Collected data
════

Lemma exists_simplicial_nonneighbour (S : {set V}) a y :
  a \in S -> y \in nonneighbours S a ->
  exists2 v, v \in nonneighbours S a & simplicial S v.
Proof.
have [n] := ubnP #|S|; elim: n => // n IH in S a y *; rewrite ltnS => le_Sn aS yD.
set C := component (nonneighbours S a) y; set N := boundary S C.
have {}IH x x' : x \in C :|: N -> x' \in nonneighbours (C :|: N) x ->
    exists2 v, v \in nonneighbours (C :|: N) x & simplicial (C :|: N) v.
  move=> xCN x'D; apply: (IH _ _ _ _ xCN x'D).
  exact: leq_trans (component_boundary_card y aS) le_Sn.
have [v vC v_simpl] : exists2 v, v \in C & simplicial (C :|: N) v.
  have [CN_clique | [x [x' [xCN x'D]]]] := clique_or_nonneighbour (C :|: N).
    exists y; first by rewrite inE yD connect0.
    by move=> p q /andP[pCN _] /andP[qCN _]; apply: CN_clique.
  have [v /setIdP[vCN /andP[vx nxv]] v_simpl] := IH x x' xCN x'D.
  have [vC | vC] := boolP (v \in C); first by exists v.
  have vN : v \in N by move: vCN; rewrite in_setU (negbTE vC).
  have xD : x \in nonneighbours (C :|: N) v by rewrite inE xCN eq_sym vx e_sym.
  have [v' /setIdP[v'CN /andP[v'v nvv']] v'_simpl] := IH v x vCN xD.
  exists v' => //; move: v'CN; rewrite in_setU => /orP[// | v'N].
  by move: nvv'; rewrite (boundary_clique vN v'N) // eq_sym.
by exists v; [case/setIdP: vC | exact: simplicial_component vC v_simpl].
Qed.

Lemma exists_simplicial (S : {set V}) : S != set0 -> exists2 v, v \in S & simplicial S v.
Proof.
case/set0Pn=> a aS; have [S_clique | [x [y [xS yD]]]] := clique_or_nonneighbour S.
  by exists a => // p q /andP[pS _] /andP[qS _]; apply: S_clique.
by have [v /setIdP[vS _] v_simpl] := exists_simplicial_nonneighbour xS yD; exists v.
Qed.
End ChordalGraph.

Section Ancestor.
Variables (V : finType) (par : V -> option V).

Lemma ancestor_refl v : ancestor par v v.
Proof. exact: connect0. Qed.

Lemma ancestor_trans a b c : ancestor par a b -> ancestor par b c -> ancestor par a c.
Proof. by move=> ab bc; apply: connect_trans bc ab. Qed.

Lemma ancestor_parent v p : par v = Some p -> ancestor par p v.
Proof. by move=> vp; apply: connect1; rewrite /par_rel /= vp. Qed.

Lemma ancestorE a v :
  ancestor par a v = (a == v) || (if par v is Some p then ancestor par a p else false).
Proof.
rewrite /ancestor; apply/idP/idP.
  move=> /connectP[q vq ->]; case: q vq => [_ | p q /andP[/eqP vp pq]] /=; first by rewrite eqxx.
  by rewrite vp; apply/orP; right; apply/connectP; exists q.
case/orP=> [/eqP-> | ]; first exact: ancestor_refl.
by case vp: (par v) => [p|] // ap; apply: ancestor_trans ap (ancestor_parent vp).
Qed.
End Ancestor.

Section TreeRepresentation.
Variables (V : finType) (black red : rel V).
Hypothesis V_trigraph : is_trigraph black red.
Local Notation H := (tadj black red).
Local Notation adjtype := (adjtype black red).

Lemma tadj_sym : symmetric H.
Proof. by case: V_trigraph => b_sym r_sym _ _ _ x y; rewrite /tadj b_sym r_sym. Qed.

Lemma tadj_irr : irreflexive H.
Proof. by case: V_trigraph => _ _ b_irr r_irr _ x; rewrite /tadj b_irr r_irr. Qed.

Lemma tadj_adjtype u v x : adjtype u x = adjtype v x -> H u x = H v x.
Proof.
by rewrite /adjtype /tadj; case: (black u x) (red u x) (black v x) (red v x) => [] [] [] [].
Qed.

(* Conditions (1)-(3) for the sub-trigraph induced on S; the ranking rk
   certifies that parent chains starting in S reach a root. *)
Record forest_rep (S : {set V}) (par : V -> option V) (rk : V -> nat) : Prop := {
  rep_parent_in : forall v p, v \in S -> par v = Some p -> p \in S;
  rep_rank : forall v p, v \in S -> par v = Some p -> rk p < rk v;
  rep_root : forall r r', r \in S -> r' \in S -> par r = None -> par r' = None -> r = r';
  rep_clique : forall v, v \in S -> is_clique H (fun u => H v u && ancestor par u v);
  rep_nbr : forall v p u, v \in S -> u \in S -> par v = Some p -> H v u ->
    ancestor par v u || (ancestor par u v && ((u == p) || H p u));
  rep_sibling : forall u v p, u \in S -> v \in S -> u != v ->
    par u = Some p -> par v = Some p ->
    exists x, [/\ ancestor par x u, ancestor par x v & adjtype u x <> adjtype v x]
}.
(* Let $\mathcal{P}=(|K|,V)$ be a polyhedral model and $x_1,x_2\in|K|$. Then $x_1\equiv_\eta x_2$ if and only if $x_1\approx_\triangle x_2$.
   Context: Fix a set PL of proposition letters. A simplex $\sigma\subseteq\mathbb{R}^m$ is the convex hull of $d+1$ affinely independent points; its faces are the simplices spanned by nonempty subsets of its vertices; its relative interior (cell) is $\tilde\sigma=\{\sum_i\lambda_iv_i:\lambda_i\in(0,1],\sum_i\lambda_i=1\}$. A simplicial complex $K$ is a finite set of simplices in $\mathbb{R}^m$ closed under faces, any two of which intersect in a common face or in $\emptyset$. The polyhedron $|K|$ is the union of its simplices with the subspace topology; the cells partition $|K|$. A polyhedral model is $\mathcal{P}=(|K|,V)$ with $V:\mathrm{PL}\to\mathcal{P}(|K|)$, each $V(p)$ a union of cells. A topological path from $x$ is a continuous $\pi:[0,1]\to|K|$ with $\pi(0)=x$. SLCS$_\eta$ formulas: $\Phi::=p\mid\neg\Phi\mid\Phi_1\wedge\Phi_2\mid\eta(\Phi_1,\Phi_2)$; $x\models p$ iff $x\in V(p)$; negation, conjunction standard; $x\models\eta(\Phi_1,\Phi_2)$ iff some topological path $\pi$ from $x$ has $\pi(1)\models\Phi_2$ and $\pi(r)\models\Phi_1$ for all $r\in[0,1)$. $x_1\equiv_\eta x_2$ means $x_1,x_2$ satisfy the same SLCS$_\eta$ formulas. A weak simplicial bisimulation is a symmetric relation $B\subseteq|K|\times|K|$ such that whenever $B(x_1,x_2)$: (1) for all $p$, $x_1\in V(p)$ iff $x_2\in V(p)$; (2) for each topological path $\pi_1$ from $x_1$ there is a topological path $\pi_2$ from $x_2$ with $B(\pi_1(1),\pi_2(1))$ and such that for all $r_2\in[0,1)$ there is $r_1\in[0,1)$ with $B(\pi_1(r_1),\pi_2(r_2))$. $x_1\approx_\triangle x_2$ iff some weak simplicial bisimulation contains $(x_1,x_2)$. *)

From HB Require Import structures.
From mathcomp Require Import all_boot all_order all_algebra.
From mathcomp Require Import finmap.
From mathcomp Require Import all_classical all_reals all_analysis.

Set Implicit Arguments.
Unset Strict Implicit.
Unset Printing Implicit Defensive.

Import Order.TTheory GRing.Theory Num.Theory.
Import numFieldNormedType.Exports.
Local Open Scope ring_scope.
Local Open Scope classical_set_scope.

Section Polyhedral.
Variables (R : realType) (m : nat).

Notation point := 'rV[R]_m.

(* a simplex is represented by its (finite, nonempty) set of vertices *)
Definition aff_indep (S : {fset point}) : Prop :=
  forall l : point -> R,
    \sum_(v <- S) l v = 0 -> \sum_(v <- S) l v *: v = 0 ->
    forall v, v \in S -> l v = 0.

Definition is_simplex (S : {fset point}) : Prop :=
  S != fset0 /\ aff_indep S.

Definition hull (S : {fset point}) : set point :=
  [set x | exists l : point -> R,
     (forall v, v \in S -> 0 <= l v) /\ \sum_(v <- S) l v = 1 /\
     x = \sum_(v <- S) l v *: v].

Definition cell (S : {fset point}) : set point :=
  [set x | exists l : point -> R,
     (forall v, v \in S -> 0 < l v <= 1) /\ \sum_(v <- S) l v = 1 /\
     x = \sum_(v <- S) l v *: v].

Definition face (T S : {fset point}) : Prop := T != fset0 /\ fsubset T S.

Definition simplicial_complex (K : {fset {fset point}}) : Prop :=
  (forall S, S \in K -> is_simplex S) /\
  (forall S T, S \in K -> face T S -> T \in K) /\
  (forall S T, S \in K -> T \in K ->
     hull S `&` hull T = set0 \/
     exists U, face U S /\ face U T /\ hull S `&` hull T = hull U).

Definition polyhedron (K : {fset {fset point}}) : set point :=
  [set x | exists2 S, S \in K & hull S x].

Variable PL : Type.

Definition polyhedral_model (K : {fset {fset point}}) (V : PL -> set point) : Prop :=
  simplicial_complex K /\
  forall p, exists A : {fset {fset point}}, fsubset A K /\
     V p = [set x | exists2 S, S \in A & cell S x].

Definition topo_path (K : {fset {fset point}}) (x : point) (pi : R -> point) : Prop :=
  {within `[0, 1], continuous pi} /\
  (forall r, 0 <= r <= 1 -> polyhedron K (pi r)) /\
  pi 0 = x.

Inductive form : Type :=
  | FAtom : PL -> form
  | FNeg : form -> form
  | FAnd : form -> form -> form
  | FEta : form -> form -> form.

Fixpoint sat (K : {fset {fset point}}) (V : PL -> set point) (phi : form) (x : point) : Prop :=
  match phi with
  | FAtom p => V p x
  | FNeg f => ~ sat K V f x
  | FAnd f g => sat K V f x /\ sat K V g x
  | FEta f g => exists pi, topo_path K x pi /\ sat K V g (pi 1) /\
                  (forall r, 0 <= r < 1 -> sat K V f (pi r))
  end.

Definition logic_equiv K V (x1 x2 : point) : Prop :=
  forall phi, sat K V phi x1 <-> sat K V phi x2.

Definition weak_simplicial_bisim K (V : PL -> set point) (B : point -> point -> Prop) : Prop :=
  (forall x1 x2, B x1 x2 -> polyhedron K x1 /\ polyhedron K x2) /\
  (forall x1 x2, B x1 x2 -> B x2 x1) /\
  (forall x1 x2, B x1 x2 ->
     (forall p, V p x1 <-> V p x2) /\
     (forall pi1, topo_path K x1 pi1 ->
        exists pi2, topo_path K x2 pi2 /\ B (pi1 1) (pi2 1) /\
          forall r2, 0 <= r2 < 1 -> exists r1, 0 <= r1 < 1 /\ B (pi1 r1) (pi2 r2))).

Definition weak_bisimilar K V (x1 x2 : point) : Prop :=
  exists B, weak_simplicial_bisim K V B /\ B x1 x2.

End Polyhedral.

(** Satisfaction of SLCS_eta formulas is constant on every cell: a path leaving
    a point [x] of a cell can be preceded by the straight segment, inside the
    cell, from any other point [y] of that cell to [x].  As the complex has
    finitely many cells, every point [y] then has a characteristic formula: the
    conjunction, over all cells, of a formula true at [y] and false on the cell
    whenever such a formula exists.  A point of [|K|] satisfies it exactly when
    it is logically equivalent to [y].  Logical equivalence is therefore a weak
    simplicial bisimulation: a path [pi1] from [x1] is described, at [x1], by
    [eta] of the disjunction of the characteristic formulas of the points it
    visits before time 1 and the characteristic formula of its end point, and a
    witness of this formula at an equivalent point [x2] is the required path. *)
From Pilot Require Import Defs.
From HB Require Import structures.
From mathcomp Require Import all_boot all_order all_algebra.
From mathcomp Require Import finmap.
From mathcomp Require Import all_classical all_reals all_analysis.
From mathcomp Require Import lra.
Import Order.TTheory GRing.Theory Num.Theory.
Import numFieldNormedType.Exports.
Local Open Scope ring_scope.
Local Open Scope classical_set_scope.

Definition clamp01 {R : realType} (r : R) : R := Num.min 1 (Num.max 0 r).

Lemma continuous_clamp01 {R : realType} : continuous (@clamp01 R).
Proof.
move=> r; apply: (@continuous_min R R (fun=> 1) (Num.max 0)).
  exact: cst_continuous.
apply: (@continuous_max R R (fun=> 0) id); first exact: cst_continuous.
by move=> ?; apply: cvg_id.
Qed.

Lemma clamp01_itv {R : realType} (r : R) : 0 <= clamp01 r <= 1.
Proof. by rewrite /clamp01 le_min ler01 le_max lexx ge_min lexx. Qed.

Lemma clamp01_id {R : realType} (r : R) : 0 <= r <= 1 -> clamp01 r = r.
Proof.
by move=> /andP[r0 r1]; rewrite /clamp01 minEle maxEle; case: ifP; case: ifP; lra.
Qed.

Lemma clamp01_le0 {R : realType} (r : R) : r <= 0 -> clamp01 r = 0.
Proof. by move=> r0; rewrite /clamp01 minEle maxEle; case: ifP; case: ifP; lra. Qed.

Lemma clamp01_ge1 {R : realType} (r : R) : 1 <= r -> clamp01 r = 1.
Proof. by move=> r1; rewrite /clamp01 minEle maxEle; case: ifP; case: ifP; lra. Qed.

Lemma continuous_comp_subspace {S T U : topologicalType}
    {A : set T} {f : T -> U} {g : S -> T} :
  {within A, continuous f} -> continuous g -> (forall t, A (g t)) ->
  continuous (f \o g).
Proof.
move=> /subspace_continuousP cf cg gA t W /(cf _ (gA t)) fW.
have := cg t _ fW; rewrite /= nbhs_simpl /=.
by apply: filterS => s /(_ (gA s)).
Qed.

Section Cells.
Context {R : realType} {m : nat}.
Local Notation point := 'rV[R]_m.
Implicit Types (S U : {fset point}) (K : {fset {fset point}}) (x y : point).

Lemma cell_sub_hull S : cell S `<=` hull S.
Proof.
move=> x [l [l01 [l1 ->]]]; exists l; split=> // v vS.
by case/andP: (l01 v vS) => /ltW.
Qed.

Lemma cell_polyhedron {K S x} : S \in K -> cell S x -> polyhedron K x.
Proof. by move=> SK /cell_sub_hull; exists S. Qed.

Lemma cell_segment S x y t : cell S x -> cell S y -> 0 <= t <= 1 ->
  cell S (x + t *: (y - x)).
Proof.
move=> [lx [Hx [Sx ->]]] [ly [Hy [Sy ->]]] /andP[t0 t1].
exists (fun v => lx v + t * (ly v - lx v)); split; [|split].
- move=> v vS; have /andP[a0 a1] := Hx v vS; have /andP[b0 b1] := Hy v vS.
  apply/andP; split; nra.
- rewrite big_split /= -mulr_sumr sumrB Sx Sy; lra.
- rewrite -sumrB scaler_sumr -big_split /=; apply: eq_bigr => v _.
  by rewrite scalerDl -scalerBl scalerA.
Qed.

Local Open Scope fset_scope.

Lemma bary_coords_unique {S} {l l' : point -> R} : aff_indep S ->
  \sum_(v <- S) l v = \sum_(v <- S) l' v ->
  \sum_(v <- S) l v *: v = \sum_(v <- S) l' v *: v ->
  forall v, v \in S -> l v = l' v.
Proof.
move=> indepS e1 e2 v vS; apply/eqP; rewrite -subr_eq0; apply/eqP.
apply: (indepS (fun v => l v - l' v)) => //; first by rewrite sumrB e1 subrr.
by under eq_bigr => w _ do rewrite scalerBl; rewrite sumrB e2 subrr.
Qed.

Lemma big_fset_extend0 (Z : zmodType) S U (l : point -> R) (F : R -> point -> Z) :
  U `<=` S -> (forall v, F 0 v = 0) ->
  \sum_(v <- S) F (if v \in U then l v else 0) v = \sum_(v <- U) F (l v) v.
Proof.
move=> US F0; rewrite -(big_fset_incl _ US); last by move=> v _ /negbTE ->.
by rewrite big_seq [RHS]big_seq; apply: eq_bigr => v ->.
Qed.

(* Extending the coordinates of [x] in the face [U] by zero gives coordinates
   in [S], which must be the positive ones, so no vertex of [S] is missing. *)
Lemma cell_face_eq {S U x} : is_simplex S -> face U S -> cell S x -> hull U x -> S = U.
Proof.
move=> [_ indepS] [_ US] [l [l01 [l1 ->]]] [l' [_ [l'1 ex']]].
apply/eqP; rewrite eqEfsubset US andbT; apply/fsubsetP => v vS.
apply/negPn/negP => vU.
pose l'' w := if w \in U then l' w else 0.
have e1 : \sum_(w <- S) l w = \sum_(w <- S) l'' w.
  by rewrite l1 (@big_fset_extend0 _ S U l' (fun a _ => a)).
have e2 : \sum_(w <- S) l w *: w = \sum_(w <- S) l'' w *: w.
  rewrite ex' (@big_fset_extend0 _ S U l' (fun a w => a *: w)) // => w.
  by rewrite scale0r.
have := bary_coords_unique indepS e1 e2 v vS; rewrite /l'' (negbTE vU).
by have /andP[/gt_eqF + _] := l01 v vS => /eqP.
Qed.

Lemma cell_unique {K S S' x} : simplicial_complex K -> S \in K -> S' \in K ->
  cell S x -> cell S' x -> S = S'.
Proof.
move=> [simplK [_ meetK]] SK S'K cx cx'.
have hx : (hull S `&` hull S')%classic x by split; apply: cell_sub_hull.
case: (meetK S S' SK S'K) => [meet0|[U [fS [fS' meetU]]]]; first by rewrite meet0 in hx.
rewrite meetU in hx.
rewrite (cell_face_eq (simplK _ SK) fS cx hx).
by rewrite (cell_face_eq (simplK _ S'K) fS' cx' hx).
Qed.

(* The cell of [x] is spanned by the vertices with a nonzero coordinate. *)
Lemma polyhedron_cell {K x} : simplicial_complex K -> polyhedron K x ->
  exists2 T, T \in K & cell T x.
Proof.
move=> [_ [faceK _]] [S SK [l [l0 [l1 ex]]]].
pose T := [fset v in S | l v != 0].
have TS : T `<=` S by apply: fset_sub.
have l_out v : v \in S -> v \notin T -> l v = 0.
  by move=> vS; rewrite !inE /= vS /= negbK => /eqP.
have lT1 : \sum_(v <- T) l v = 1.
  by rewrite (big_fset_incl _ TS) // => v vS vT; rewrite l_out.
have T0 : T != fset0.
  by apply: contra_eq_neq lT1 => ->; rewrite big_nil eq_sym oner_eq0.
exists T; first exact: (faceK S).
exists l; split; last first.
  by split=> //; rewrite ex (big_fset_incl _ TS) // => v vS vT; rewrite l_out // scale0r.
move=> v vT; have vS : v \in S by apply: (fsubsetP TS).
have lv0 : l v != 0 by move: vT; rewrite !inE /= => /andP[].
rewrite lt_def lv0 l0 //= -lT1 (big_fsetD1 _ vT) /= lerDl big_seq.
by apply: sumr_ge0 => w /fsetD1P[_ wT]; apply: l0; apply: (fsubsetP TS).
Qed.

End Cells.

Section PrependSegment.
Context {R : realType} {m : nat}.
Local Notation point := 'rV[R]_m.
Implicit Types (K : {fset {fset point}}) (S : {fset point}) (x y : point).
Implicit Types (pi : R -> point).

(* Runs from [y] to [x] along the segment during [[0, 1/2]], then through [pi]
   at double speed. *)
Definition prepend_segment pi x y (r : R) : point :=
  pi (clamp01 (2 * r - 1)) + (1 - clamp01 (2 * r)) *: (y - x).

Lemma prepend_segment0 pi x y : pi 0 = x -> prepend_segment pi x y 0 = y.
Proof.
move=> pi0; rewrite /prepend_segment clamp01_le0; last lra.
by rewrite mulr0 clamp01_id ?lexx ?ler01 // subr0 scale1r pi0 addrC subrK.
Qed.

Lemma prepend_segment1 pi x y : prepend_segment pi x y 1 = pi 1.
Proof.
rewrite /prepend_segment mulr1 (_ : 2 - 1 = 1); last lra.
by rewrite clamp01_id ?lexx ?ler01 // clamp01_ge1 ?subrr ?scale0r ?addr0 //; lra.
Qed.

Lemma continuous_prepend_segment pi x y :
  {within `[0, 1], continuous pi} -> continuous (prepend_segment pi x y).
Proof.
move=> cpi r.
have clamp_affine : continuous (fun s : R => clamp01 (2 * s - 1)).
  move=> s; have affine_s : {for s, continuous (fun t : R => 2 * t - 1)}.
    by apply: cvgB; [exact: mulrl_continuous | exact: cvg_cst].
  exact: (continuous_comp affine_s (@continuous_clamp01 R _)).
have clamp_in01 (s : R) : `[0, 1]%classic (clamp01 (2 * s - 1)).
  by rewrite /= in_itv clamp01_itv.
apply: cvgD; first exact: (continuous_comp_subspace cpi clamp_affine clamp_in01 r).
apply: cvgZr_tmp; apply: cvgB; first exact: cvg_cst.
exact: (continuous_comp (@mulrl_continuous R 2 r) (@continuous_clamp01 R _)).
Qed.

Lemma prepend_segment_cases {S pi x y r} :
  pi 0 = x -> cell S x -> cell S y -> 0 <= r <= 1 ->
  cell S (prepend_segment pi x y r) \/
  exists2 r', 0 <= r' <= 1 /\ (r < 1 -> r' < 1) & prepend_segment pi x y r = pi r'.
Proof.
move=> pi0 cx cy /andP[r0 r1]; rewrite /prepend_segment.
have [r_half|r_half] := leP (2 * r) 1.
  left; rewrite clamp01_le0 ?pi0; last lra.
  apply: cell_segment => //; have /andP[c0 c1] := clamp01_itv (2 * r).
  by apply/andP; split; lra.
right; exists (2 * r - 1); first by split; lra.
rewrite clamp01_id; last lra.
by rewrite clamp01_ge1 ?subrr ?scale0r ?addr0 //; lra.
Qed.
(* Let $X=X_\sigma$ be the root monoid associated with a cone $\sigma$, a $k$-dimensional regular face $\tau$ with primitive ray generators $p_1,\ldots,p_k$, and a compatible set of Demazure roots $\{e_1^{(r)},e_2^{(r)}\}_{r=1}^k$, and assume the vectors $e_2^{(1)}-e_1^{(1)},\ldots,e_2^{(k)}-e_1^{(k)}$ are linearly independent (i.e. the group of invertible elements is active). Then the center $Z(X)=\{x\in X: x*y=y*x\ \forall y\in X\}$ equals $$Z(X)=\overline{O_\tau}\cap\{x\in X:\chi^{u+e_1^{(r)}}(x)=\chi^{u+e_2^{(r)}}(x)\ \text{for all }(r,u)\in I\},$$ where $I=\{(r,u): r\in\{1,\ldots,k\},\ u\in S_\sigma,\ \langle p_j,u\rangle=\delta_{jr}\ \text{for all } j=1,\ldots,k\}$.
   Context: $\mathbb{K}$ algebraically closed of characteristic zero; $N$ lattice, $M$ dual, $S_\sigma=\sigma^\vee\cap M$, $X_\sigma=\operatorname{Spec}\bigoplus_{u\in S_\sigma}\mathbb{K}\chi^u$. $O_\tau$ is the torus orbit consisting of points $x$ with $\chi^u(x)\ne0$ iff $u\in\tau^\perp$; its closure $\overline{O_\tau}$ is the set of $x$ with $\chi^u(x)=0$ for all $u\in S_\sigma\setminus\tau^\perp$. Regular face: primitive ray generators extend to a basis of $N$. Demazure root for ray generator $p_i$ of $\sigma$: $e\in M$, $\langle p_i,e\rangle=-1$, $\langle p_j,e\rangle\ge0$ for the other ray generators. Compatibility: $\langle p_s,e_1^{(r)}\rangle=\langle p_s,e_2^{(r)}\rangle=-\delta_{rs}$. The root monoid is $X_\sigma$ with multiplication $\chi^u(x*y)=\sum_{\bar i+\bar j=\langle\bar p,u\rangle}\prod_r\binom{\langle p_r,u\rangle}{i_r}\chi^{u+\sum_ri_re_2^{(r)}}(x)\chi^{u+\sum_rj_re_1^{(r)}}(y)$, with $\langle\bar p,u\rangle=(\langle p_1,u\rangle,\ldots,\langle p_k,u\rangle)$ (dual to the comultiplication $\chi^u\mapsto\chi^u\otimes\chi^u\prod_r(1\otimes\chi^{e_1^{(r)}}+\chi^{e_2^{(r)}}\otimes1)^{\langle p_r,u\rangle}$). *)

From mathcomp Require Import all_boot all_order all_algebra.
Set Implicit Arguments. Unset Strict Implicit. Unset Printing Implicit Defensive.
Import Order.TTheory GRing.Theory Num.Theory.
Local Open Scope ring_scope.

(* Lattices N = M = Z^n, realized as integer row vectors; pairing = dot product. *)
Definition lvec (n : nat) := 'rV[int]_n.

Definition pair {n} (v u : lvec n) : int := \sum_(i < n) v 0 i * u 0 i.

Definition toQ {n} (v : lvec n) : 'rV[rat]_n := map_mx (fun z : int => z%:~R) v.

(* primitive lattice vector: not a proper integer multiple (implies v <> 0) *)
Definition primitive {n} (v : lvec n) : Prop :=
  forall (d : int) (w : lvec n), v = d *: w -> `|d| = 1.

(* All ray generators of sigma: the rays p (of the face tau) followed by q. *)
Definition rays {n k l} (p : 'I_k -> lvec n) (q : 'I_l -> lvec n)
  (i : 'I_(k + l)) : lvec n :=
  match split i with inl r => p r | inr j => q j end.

════

#### DIRECTIONS:
Report how many lines in the data include the string "connectP", giving nothing but that number.

#### SOLUTION FOR THIS TASK:
2